EXERCISE DETAILS —
In the data below, how many lines contain the string "Htree"? Give only the number.

%%

(* Let $\boldsymbol{\omega}:\mathbb{R}^3\to\mathbb{R}^3$ be a smooth divergence-free vorticity field, let $\boldsymbol{a},\boldsymbol{c}\in\mathbb{R}^3$, and let $\boldsymbol{B}$ be a vortex filament, i.e. a closed streamline of $\boldsymbol{\omega}$ parametrized by a $T$-periodic curve $\boldsymbol{\gamma}:\mathbb{R}\to\mathbb{R}^3$ with $\boldsymbol{\gamma}'(s)=\boldsymbol{\omega}(\boldsymbol{\gamma}(s))$, with $\boldsymbol{a},\boldsymbol{c}\notin\boldsymbol{B}$ and $\boldsymbol{a}\neq\boldsymbol{c}$. With $D$ as defined in the context, \[\int_0^T D(\boldsymbol{a},\boldsymbol{\gamma}(s),\boldsymbol{c})\,ds=-\int_0^T D(\boldsymbol{c},\boldsymbol{\gamma}(s),\boldsymbol{a})\,ds,\] that is, in coordinates advecting with the fluid, $\boldsymbol{a}$'s action on $\boldsymbol{B}$ affects the interaction energy between $\boldsymbol{B}$ and $\boldsymbol{c}$ in an exactly equal and opposite way as $\boldsymbol{c}$'s action on $\boldsymbol{B}$ affects the interaction energy between $\boldsymbol{a}$ and $\boldsymbol{B}$.
   Context: Interaction energy: for vorticity vectors $\boldsymbol{\beta},\boldsymbol{\gamma}_0\in\mathbb{R}^3$ at points $\boldsymbol{b},\boldsymbol{c}$ (distinct), \[I(\boldsymbol{\beta},\boldsymbol{\gamma}_0,\boldsymbol{c}-\boldsymbol{b})=\frac{1}{16\pi\|\boldsymbol{c}-\boldsymbol{b}\|}\Big[\boldsymbol{\beta}\cdot\boldsymbol{\gamma}_0+\frac{(\boldsymbol{\beta}\cdot(\boldsymbol{c}-\boldsymbol{b}))(\boldsymbol{\gamma}_0\cdot(\boldsymbol{c}-\boldsymbol{b}))}{\|\boldsymbol{c}-\boldsymbol{b}\|^2}\Big]\] (this is the contribution of the pair to the kinetic energy $\frac12\int\|\boldsymbol{u}\|^2$ obtained via the Biot–Savart law). The velocity induced at a point $\boldsymbol{b}$ by the vorticity at $\boldsymbol{a}$ is $\boldsymbol{v}_{\boldsymbol{a}}(\boldsymbol{b})=\frac{1}{4\pi}\frac{\boldsymbol{\omega}(\boldsymbol{a})\times(\boldsymbol{b}-\boldsymbol{a})}{\|\boldsymbol{a}-\boldsymbol{b}\|^3}$. Under the vorticity form of the 3D Euler equations (in coordinates advecting with the fluid), this velocity moves $\boldsymbol{b}$ at rate $\boldsymbol{v}_{\boldsymbol{a}}(\boldsymbol{b})$ and changes the vorticity at $\boldsymbol{b}$ at rate $(\boldsymbol{\omega}(\boldsymbol{b})\cdot\nabla_{\boldsymbol{b}})\boldsymbol{v}_{\boldsymbol{a}}(\boldsymbol{b})$. The effect of $\boldsymbol{a}$'s action on $\boldsymbol{b}$ on the interaction energy between $\boldsymbol{b}$ and $\boldsymbol{c}$ is the resulting rate of change of $I(\boldsymbol{\omega}(\boldsymbol{b}),\boldsymbol{\omega}(\boldsymbol{c}),\boldsymbol{c}-\boldsymbol{b})$ with $\boldsymbol{c},\boldsymbol{\omega}(\boldsymbol{c})$ held fixed: \[D(\boldsymbol{a},\boldsymbol{b},\boldsymbol{c})=\nabla_{\boldsymbol{b}}I(\boldsymbol{\beta},\boldsymbol{\omega}(\boldsymbol{c}),\boldsymbol{c}-\boldsymbol{b})\big|_{\boldsymbol{\beta}=\boldsymbol{\omega}(\boldsymbol{b})}\cdot\boldsymbol{v}_{\boldsymbol{a}}(\boldsymbol{b})+\nabla_{\boldsymbol{\beta}}I(\boldsymbol{\beta},\boldsymbol{\omega}(\boldsymbol{c}),\boldsymbol{c}-\boldsymbol{b})\big|_{\boldsymbol{\beta}=\boldsymbol{\omega}(\boldsymbol{b})}\cdot\big((\boldsymbol{\omega}(\boldsymbol{b})\cdot\nabla_{\boldsymbol{b}})\boldsymbol{v}_{\boldsymbol{a}}(\boldsymbol{b})\big),\] where in the first term the gradient in the position $\boldsymbol{b}$ is taken with the vorticity argument $\boldsymbol{\beta}$ held fixed. *)

From Stdlib Require Import Reals List.
From Coquelicot Require Import Coquelicot.
Open Scope R_scope.
(* The sub-tree of a is split into blocks: {a} and the sub-trees of the
   children.  Two facts about the profit G drive the proof.
   - Additivity at x = d(a): every nonempty subset of the sub-tree uses the
     whole root path of a, and in the term x * P(S) the value d(a) cancels
     exactly that weight; what remains of W lies inside the blocks.  Hence
     G(., d(a)) is additive over the blocks (G_blocks), and gluing maximal
     optimal sets of the blocks gives a maximal optimal set of the sub-tree
     (union_max_optimal, a general fact about block-additive functions).
   - Supermodularity for x <= d(a): W is a coverage function and the
     nonempty indicator is submodular, so G(., x) is supermodular on subsets
     of the sub-tree (G_supermod).  Together with the monotonicity of P this
     shows that every set optimal at some x <= d(a) lies inside the maximal
     optimal set at d(a) (optimal_sub_max_optimal), which makes that set the
     largest element of the matryoshka. *)

Section RootedTree.
Variables (V : finType) (par : V -> V) (r : V).

Lemma fconnect_iterP x y :
  reflect (exists n, iter n par x = y) (fconnect par x y).
Proof.
apply: (iffP idP) => [xy|[n <-]]; last exact: fconnect_iter.
by exists (findex par x y); rewrite iter_findex.
Qed.

Lemma iter_period n k x : iter n par x = x -> iter (k * n) par x = x.
Proof. by move=> xn; elim: k => // k IH; rewrite mulSn iterD IH xn. Qed.

Hypothesis Htree : is_tree par r.

Lemma iter_root n : iter n par r = r.
Proof. by elim: n => //= n ->; case: Htree. Qed.

Lemma fixpoint_root v : par v = v -> v = r.
Proof.
move=> pv; case: Htree => _ /(_ v) /fconnect_iterP [n <-].
by elim: n => //= n <-.
Qed.

(* Following parents never returns to a node other than the root, so the
   ancestor relation is antisymmetric. *)
Lemma fconnect_antisym x y : fconnect par x y -> fconnect par y x -> x = y.
Proof.
move=> /fconnect_iterP [n xy] /fconnect_iterP [m yx].
case: n xy => [|n] xy; first by rewrite -xy.
have xcyc : iter (m + n.+1) par x = x by rewrite iterD xy.
have xr : x = r.
  case: Htree => _ /(_ x) /fconnect_iterP [M xM].
  have Mle : (M <= M * (m + n.+1))%N by rewrite leq_pmulr // addnS.
  rewrite -(iter_period M xcyc) -(subnK Mle) iterD xM; exact: iter_root.
by rewrite -xy xr iter_root.
Qed.

Lemma fconnect_total q x y : fconnect par q x -> fconnect par q y ->
  fconnect par x y \/ fconnect par y x.
Proof.
move=> /fconnect_iterP [n <-] /fconnect_iterP [m <-].
case: (leqP n m) => nm.
  by left; apply/fconnect_iterP; exists (m - n)%N; rewrite -iterD subnK.
by right; apply/fconnect_iterP; exists (n - m)%N; rewrite -iterD subnK // ltnW.
Qed.

Lemma fconnect_par x y : fconnect par x y -> x != y -> fconnect par (par x) y.
Proof.
move=> /fconnect_iterP [[|n] <-] /=; first by rewrite eqxx.
by move=> _; apply/fconnect_iterP; exists n; rewrite -iterSr.
Qed.

Variable a : V.
Local Notation child := (is_child par r a).

Lemma child_neq c : child c -> c != a.
Proof.
case/andP => /eqP pc cr; apply: contraNneq cr => ca.
by rewrite ca (fixpoint_root (_ : par a = a)) // -{1}ca.
Qed.

Lemma child_notin c : child c -> a \notin subtree par c.
Proof.
move=> ch; rewrite inE; apply: contra (child_neq ch) => ac.
case/andP: ch => /eqP pc _.
by apply/eqP/fconnect_antisym => //; rewrite -pc; apply: connect1; rewrite /= eqxx.
Qed.

Lemma child_subtree c : child c -> subtree par c \subset subtree par a.
Proof.
case/andP => /eqP pc _; apply/subsetP => u; rewrite !inE => uc.
by apply: connect_trans uc _; apply: connect1; rewrite /= pc.
Qed.

Lemma child_subtrees_disjoint c c' : child c -> child c' -> c != c' ->
  [disjoint subtree par c & subtree par c'].
Proof.
move=> ch ch' cc'; apply/pred0P => u /=; rewrite !inE.
apply/negP => /andP[uc uc'].
wlog cc'_anc : c c' ch ch' cc' uc uc' / fconnect par c c'.
  move=> W; case: (fconnect_total uc uc') => anc; first exact: (W c c').
  by apply: (W c' c) => //; rewrite eq_sym.
have := fconnect_par cc'_anc cc'; case/andP: ch => /eqP -> _ => ac'.
by move: (child_notin ch'); rewrite inE ac'.
Qed.

Lemma subtree_exit c q u : child c -> q \in subtree par c ->
  fconnect par q u -> u \in subtree par c \/ fconnect par a u.
Proof.
move=> ch; rewrite inE => qc qu; case: (fconnect_total qc qu) => [cu|uc].
  case: (eqVneq c u) => [<-|ne]; first by left; rewrite inE connect0.
  by right; case/andP: ch => /eqP <- _; exact: fconnect_par.
by left; rewrite inE.
Qed.

Lemma subtree_decomp u : u \in subtree par a -> u != a ->
  exists2 c, child c & u \in subtree par c.
Proof.
rewrite inE => ua ne.
have ex : exists n, iter n par u == a by case/fconnect_iterP: ua => n <-; exists n.
case: (ex_minnP ex) => [[|n] /eqP un nmin]; first by move: ne; rewrite -un eqxx.
exists (iter n par u); last by rewrite inE fconnect_iter.
rewrite /is_child -iterS un eqxx /=; apply/negP => /eqP nr.
have : iter n par u == a by rewrite -un iterS nr; case: Htree => -> _.
by move/nmin; rewrite ltnn.
Qed.

End RootedTree.

Definition cover (I U : finType) (E : I -> {set U}) (Q : {set I}) : {set U} :=
  \bigcup_(q in Q) E q.

Section Cover.
Variables (I U : finType) (E : I -> {set U}).

Lemma cover0 : cover E set0 = set0.
Proof. exact: big_set0. Qed.

Lemma coverU (A B : {set I}) : cover E (A :|: B) = cover E A :|: cover E B.
Proof. exact: bigcup_setU. Qed.

Lemma coverS (A B : {set I}) : A \subset B -> cover E A \subset cover E B.
Proof.
move=> /subsetP AB; apply/bigcupsP => q /AB qB.
by apply: (bigcup_max q).
Qed.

%%

ANSWER BOX —
5